ACTIVITY:
When a line in the entries contains the word "Import", copy that line in full.

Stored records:
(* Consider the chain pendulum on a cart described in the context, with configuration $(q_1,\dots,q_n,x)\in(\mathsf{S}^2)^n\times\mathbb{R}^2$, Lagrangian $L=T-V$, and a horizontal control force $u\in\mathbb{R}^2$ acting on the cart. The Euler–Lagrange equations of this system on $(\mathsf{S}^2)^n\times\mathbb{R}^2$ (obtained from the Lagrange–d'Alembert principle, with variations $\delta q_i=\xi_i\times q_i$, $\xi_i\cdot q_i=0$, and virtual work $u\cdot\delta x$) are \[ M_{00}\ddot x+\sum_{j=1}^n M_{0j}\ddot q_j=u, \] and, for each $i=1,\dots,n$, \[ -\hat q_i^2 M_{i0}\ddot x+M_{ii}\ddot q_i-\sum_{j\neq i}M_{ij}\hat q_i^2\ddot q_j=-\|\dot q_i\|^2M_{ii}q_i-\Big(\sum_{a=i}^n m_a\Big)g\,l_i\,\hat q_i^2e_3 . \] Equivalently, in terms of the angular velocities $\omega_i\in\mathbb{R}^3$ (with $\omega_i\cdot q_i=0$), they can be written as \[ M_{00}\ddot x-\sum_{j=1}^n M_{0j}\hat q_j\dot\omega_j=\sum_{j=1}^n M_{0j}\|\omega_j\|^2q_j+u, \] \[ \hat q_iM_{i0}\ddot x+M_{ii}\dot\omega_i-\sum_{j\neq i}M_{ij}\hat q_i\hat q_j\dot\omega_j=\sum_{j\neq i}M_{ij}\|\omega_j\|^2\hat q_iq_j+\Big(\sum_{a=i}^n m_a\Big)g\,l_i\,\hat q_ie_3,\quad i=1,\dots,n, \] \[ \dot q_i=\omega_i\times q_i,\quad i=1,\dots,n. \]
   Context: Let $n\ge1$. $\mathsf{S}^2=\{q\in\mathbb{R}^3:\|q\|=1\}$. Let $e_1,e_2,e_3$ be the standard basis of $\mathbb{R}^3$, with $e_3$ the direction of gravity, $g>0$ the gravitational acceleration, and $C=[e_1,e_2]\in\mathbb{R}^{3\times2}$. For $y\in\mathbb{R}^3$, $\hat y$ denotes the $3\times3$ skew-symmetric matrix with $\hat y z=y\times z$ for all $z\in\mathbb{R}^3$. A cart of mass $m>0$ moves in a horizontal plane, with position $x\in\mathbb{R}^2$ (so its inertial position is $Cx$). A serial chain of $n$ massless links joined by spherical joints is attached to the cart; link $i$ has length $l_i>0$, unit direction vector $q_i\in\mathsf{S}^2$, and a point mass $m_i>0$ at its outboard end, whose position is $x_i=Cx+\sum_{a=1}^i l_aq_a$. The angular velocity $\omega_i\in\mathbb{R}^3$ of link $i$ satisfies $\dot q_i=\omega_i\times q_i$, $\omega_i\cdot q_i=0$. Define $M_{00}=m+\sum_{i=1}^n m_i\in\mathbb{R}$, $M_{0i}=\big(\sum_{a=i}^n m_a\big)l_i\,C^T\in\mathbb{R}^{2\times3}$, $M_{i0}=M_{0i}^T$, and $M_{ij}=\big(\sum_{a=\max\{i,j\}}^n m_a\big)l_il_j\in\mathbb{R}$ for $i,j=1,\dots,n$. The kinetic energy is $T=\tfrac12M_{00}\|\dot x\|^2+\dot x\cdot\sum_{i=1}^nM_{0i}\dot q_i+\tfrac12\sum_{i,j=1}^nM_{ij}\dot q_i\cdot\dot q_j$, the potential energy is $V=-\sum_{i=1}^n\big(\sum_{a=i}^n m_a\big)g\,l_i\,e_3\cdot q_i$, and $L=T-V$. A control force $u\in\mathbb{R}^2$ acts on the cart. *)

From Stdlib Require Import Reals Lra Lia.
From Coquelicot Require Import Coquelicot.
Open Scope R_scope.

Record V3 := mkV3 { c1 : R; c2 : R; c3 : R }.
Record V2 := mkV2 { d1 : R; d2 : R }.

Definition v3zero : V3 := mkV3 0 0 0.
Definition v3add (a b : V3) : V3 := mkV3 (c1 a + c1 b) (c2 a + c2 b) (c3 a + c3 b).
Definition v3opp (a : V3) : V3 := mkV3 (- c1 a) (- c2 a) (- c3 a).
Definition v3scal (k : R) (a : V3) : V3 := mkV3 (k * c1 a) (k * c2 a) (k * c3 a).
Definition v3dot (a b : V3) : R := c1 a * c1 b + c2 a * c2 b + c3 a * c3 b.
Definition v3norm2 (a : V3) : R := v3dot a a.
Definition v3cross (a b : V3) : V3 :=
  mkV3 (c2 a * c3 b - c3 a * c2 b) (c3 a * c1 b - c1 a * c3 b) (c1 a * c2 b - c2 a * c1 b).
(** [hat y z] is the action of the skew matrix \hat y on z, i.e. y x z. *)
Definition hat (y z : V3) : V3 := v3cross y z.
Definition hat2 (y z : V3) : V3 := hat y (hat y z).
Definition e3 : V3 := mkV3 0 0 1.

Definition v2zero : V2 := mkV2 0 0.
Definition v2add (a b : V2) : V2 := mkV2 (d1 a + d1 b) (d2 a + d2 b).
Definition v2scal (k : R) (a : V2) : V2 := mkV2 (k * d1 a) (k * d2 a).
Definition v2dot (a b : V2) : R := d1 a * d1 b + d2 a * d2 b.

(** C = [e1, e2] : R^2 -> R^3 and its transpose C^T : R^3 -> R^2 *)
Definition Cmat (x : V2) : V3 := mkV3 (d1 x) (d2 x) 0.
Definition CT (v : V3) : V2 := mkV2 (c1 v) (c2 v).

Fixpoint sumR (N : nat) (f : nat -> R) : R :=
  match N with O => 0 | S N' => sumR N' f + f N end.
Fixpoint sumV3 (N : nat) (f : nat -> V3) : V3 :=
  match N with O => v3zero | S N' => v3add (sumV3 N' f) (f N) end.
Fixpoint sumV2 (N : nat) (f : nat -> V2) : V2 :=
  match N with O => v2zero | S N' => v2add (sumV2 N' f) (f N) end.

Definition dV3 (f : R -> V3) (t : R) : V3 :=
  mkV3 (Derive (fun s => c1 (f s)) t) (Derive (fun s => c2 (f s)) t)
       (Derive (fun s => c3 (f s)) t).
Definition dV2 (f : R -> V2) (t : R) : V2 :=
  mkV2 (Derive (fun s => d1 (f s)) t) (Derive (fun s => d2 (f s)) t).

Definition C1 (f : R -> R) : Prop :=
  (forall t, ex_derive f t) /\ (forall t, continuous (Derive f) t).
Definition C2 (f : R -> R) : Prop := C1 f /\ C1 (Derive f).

EXERCISE RESULT:
From Stdlib Require Import Reals Lra Lia.
From Coquelicot Require Import Coquelicot.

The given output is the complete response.